----- EXERCISE INPUTS -----

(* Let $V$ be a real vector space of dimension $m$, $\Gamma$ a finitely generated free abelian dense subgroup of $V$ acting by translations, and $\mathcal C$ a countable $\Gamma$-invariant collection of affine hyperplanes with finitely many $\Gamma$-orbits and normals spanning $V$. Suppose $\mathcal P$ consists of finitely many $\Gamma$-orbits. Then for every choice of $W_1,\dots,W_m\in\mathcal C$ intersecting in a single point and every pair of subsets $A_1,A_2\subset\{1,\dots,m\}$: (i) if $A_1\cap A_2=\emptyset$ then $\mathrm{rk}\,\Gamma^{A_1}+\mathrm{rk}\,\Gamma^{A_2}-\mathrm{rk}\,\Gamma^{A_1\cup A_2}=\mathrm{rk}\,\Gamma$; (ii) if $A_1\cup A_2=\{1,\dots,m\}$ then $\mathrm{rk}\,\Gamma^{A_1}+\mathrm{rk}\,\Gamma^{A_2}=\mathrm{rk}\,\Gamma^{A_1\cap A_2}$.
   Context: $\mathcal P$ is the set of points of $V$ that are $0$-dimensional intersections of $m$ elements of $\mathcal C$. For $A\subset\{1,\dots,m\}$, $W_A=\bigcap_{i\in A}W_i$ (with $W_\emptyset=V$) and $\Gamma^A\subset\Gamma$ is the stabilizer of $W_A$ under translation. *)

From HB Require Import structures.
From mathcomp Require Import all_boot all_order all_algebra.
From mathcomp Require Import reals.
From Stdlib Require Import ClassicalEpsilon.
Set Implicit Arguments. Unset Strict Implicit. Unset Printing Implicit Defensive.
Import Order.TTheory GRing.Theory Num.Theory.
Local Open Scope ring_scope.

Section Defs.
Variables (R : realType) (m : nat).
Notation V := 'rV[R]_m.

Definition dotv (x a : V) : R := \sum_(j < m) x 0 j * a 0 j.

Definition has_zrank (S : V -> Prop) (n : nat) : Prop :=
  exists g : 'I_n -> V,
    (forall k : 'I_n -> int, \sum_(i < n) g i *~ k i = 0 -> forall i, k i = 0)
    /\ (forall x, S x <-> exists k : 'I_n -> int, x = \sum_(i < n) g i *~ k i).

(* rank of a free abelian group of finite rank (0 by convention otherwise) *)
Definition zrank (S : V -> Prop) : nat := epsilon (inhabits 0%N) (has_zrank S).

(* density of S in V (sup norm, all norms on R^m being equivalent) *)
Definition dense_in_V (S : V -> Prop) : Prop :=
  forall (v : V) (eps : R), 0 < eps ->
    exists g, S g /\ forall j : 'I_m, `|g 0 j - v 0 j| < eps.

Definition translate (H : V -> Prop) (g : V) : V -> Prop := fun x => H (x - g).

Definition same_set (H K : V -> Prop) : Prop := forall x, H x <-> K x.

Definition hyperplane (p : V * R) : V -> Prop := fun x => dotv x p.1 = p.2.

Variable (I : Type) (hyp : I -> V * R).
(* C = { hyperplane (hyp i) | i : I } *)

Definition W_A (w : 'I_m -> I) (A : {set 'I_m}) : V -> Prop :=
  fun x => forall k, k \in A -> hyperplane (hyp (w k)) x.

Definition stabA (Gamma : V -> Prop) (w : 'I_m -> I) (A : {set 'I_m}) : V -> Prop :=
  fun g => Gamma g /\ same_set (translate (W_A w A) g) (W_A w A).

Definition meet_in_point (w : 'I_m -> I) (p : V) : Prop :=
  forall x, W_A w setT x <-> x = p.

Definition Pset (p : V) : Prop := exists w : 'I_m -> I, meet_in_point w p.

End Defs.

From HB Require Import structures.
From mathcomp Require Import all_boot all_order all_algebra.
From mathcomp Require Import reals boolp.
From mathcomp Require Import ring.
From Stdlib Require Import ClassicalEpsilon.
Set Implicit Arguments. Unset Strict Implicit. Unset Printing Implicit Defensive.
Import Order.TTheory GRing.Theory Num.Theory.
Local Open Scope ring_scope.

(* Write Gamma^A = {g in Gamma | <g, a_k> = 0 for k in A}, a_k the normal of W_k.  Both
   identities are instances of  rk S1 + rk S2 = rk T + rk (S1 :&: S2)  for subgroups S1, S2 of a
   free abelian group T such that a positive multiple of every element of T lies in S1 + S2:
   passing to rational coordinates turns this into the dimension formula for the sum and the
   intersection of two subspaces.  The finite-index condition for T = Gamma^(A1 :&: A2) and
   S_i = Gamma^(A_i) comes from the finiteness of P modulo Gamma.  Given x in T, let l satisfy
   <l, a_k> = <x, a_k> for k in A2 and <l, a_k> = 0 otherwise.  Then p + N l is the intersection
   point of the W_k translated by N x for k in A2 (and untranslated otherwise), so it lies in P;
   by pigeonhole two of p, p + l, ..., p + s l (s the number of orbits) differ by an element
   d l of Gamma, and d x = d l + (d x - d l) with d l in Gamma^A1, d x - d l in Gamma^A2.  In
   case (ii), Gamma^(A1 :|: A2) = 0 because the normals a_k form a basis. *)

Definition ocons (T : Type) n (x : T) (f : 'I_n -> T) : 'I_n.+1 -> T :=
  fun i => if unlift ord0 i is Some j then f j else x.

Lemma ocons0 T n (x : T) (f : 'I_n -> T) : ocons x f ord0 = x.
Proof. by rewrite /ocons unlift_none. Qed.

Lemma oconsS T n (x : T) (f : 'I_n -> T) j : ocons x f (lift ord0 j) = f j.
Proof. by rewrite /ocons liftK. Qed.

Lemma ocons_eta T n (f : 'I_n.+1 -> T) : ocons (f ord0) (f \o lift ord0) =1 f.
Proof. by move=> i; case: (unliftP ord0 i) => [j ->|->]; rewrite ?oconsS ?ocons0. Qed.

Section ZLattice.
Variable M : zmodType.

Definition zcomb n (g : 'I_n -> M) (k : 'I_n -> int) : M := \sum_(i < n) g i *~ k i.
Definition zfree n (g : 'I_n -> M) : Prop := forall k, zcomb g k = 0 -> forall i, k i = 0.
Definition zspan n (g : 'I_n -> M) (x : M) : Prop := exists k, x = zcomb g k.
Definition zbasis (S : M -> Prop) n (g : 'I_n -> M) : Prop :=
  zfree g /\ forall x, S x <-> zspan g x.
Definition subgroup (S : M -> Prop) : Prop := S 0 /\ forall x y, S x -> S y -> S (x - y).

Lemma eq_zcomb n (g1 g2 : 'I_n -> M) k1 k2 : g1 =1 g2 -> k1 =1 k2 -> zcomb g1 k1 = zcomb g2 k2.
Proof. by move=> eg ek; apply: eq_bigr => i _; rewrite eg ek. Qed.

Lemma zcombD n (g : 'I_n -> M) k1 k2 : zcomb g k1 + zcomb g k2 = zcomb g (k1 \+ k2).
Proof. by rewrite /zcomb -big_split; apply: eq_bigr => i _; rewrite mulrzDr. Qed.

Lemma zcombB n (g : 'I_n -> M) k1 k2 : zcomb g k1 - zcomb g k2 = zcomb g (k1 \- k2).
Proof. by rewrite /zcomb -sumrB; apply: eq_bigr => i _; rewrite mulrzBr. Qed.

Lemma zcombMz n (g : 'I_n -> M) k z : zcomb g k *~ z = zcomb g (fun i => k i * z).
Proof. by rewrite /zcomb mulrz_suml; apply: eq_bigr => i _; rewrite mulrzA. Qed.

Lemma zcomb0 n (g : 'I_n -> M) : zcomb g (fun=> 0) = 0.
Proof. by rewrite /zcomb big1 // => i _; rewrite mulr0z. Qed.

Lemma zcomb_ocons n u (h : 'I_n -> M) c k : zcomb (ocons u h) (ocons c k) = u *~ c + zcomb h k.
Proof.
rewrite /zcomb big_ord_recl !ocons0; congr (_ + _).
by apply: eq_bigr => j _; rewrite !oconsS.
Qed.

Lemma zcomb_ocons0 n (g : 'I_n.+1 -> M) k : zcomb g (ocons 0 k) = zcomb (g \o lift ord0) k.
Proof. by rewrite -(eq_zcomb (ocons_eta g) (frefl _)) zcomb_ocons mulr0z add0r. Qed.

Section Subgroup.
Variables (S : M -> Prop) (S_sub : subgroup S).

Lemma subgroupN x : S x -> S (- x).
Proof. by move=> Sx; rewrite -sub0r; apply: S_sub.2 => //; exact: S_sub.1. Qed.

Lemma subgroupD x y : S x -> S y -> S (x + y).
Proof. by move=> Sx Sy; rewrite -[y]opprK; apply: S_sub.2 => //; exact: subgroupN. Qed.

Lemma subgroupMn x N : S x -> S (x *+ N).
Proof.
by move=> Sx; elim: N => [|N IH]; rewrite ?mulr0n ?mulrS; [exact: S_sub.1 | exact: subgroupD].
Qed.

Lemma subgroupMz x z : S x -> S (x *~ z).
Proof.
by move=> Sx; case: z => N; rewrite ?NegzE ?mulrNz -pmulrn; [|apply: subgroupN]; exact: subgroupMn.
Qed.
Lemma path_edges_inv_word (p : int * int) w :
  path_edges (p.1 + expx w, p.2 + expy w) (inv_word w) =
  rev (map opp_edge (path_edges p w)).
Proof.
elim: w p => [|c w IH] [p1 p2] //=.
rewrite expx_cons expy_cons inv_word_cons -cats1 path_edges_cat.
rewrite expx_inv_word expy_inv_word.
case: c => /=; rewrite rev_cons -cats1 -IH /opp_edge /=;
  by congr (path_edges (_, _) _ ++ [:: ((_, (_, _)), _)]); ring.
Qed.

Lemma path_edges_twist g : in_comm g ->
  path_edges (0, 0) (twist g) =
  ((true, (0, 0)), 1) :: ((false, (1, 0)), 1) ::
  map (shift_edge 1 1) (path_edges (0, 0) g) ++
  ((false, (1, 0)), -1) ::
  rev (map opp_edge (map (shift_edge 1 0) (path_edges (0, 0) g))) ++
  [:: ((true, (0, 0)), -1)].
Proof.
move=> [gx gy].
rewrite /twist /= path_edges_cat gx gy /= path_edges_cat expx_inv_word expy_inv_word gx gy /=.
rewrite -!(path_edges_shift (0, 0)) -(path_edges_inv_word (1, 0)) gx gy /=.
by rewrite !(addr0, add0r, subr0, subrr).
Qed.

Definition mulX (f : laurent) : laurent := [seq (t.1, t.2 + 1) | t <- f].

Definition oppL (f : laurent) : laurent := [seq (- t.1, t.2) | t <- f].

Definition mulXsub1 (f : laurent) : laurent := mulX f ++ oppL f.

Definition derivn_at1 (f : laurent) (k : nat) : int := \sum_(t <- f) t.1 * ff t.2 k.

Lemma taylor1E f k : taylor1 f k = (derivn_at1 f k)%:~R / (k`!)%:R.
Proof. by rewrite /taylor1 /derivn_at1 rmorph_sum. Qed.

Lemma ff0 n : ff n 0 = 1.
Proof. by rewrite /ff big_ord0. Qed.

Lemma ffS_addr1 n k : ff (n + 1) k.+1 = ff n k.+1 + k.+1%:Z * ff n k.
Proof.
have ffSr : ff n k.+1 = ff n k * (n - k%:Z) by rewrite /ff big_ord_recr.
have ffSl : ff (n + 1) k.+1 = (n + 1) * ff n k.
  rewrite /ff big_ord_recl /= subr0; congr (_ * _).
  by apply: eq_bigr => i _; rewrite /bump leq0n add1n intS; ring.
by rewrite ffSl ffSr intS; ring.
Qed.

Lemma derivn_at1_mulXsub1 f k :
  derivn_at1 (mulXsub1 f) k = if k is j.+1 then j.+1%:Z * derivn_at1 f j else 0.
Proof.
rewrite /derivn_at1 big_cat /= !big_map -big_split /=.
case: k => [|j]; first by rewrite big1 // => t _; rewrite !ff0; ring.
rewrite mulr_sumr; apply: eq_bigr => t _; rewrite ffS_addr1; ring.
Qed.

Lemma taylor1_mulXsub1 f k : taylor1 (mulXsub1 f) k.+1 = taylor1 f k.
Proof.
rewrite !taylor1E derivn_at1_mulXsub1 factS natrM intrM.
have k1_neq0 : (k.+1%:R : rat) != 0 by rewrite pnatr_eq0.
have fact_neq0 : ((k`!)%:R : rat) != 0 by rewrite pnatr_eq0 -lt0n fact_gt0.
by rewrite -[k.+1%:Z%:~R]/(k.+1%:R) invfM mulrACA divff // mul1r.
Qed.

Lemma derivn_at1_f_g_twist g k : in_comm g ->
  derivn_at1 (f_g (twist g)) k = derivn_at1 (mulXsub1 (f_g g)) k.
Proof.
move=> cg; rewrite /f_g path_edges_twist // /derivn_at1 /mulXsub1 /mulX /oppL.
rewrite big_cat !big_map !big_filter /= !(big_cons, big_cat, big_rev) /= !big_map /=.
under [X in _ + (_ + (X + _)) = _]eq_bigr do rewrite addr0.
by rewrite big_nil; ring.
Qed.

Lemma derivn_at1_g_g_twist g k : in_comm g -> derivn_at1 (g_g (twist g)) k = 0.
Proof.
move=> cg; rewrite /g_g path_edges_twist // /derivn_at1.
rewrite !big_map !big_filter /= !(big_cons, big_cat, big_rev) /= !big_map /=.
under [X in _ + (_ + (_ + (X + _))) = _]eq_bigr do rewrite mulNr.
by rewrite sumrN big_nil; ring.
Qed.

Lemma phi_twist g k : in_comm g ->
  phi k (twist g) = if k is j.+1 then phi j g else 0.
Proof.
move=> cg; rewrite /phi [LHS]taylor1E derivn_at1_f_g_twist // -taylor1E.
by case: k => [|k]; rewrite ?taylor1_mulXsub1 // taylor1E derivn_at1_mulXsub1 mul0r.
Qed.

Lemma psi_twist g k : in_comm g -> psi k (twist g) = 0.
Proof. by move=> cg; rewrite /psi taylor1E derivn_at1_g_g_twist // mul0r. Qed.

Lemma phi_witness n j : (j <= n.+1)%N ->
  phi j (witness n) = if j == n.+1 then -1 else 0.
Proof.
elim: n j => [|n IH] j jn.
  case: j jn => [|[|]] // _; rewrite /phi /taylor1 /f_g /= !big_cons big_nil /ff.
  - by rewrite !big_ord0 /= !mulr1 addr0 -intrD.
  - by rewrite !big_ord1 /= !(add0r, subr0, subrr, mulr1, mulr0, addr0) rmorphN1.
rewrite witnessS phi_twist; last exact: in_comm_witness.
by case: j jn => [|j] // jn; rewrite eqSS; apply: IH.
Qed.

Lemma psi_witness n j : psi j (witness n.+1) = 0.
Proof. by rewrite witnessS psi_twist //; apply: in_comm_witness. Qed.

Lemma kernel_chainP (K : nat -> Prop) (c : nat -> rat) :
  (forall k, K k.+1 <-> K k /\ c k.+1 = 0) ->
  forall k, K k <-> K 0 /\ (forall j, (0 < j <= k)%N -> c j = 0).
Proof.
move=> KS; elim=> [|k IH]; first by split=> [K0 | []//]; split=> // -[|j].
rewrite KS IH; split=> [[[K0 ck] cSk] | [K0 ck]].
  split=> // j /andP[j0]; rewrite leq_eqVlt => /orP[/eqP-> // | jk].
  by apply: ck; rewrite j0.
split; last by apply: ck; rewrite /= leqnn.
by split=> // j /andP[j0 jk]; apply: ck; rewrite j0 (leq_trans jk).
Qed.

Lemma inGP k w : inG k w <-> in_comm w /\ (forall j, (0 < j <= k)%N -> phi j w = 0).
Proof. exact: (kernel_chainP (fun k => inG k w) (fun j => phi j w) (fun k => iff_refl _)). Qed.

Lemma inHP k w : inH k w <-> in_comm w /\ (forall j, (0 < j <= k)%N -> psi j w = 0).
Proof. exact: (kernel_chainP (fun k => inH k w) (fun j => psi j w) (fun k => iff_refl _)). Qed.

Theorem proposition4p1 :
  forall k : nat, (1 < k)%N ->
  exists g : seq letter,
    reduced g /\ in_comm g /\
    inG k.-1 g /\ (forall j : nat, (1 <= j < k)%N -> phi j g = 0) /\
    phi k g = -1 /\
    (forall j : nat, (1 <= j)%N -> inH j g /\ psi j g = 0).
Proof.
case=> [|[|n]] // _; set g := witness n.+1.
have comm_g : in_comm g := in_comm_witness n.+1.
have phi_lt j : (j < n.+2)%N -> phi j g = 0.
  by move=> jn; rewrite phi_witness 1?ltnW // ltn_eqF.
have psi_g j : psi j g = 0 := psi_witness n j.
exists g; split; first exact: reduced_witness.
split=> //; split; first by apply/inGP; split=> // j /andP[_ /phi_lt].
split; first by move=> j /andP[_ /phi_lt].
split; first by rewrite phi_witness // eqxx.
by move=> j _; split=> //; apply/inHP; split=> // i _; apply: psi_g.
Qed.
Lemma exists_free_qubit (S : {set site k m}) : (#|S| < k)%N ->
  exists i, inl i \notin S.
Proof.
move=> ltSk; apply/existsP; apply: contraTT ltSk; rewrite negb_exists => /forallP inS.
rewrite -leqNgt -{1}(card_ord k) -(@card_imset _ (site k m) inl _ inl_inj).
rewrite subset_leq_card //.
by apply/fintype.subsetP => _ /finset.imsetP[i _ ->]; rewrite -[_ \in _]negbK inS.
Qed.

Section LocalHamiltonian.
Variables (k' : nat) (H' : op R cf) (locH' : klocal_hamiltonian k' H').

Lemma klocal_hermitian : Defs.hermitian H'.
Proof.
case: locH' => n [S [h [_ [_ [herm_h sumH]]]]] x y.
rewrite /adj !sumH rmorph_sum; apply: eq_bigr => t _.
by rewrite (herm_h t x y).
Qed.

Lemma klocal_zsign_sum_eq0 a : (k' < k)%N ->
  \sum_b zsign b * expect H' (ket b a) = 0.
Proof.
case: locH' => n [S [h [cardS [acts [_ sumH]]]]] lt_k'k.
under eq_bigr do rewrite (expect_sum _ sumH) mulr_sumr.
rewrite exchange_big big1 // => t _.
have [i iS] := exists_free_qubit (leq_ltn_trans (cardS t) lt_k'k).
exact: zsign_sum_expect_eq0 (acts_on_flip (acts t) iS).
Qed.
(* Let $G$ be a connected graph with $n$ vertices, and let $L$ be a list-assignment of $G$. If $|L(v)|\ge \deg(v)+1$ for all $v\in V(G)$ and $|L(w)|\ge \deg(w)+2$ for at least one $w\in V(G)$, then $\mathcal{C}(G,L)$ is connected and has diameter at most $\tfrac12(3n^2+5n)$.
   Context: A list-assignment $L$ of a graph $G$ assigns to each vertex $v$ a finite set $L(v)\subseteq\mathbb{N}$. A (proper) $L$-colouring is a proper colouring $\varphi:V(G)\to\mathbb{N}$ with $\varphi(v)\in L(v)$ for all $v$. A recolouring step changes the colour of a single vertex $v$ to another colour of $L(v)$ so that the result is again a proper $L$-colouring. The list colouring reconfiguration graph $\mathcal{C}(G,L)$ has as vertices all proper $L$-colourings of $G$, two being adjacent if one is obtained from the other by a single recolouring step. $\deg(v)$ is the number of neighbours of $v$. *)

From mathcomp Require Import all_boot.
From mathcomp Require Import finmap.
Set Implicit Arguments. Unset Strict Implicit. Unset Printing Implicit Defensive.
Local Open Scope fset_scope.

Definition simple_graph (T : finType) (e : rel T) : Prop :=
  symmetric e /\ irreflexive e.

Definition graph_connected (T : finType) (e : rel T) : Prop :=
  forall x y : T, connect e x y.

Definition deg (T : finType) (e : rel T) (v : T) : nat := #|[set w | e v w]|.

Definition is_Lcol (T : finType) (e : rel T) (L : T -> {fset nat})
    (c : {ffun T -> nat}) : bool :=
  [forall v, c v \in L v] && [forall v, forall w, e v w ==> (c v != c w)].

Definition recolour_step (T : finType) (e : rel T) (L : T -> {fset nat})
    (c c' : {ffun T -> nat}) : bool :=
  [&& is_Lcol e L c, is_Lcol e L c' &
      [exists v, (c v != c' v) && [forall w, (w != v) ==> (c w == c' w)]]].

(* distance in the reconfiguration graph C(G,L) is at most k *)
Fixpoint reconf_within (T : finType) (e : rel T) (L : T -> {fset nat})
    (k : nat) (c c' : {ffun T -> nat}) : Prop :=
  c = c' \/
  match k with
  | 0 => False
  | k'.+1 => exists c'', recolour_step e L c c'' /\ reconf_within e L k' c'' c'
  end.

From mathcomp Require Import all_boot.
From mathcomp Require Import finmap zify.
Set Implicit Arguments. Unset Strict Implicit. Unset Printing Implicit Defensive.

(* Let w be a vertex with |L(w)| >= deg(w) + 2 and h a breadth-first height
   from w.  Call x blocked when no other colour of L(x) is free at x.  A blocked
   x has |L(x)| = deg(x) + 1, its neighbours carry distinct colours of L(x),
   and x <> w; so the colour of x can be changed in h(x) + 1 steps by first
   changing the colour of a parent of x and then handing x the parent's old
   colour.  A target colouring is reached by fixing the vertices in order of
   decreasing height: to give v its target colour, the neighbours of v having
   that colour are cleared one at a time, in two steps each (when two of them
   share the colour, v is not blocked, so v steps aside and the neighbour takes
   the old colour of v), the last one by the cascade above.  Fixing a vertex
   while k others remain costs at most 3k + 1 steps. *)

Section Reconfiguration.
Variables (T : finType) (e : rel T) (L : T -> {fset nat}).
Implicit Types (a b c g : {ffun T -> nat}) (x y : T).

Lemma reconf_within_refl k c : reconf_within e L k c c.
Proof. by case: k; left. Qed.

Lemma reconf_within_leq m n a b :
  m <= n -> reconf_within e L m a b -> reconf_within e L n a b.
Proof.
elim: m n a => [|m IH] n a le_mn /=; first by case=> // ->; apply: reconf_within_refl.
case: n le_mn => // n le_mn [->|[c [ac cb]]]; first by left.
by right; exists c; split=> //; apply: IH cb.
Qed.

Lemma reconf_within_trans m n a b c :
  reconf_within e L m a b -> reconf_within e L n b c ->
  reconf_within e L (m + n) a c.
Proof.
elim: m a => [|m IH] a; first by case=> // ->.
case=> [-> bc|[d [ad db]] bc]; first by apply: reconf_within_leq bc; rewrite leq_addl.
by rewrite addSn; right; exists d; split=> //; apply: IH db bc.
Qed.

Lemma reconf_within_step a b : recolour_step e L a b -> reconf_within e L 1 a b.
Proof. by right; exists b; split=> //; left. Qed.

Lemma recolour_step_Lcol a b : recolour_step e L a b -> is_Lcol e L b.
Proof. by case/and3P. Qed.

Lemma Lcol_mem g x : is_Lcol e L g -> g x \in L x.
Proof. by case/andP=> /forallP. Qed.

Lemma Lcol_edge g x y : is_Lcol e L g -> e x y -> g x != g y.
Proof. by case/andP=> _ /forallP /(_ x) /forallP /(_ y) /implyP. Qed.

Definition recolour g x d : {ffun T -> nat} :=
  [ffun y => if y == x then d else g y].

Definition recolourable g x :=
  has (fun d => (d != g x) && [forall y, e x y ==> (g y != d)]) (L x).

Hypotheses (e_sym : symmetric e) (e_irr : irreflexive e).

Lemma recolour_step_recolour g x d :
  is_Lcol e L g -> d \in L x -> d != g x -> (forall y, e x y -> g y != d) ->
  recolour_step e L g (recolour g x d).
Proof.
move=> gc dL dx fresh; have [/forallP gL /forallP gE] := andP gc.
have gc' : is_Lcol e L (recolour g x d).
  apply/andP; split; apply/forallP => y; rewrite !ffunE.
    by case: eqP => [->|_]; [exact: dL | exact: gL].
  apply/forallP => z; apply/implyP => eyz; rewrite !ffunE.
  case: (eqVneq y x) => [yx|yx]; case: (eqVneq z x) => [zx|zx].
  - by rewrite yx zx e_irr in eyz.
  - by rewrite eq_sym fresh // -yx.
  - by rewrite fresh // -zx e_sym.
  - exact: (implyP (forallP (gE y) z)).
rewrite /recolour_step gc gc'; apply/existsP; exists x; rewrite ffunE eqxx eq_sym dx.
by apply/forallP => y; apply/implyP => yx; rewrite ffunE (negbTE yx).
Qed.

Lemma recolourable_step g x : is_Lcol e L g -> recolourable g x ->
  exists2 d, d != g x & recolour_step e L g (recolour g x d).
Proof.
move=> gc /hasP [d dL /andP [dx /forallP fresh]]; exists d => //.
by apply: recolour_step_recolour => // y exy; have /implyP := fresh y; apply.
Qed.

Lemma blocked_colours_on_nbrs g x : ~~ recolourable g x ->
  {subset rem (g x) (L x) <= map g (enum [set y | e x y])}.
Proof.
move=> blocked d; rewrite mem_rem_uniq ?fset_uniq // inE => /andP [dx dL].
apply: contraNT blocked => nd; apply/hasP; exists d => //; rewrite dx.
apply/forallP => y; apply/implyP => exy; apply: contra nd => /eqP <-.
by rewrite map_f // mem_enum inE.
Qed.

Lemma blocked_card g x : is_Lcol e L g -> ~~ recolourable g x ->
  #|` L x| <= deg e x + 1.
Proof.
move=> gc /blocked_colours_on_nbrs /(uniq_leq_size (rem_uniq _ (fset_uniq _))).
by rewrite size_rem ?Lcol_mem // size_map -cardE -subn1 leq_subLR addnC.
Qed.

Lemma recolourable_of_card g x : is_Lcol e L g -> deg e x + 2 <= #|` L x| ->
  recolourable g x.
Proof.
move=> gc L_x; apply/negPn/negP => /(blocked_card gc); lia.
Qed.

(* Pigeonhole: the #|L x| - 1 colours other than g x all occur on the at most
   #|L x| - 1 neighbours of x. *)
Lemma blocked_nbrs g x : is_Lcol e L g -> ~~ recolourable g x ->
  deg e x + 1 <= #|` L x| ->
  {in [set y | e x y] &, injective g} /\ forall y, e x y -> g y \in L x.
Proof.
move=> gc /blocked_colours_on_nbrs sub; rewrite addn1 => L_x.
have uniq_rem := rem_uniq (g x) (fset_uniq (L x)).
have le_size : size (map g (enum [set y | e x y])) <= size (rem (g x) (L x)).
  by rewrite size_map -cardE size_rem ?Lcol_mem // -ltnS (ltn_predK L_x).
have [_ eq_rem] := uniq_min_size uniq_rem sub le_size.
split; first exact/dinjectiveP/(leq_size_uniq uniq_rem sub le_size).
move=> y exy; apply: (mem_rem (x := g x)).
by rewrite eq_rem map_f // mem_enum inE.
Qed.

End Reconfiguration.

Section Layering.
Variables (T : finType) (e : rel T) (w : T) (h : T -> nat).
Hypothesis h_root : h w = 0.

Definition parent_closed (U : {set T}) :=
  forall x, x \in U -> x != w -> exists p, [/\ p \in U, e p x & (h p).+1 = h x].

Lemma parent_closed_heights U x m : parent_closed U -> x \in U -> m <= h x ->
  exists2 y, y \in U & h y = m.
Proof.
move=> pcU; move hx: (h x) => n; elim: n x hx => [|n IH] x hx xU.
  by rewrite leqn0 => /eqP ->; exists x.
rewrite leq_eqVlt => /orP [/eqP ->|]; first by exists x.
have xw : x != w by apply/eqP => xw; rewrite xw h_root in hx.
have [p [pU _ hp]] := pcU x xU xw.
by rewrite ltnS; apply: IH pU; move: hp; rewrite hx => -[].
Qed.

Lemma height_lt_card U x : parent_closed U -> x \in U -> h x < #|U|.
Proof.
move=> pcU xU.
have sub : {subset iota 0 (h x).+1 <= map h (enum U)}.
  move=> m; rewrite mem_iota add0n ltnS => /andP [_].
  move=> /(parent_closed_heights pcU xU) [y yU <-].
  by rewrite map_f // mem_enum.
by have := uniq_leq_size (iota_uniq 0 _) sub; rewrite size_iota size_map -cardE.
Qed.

-----

The first line of the listing above through the line containing "Definition dense_in_V (S": print exactly that, both ends included.

(* Let $V$ be a real vector space of dimension $m$, $\Gamma$ a finitely generated free abelian dense subgroup of $V$ acting by translations, and $\mathcal C$ a countable $\Gamma$-invariant collection of affine hyperplanes with finitely many $\Gamma$-orbits and normals spanning $V$. Suppose $\mathcal P$ consists of finitely many $\Gamma$-orbits. Then for every choice of $W_1,\dots,W_m\in\mathcal C$ intersecting in a single point and every pair of subsets $A_1,A_2\subset\{1,\dots,m\}$: (i) if $A_1\cap A_2=\emptyset$ then $\mathrm{rk}\,\Gamma^{A_1}+\mathrm{rk}\,\Gamma^{A_2}-\mathrm{rk}\,\Gamma^{A_1\cup A_2}=\mathrm{rk}\,\Gamma$; (ii) if $A_1\cup A_2=\{1,\dots,m\}$ then $\mathrm{rk}\,\Gamma^{A_1}+\mathrm{rk}\,\Gamma^{A_2}=\mathrm{rk}\,\Gamma^{A_1\cap A_2}$.
   Context: $\mathcal P$ is the set of points of $V$ that are $0$-dimensional intersections of $m$ elements of $\mathcal C$. For $A\subset\{1,\dots,m\}$, $W_A=\bigcap_{i\in A}W_i$ (with $W_\emptyset=V$) and $\Gamma^A\subset\Gamma$ is the stabilizer of $W_A$ under translation. *)

From HB Require Import structures.
From mathcomp Require Import all_boot all_order all_algebra.
From mathcomp Require Import reals.
From Stdlib Require Import ClassicalEpsilon.
Set Implicit Arguments. Unset Strict Implicit. Unset Printing Implicit Defensive.
Import Order.TTheory GRing.Theory Num.Theory.
Local Open Scope ring_scope.

Section Defs.
Variables (R : realType) (m : nat).
Notation V := 'rV[R]_m.

Definition dotv (x a : V) : R := \sum_(j < m) x 0 j * a 0 j.

Definition has_zrank (S : V -> Prop) (n : nat) : Prop :=
  exists g : 'I_n -> V,
    (forall k : 'I_n -> int, \sum_(i < n) g i *~ k i = 0 -> forall i, k i = 0)
    /\ (forall x, S x <-> exists k : 'I_n -> int, x = \sum_(i < n) g i *~ k i).

(* rank of a free abelian group of finite rank (0 by convention otherwise) *)
Definition zrank (S : V -> Prop) : nat := epsilon (inhabits 0%N) (has_zrank S).

(* density of S in V (sup norm, all norms on R^m being equivalent) *)
Definition dense_in_V (S : V -> Prop) : Prop :=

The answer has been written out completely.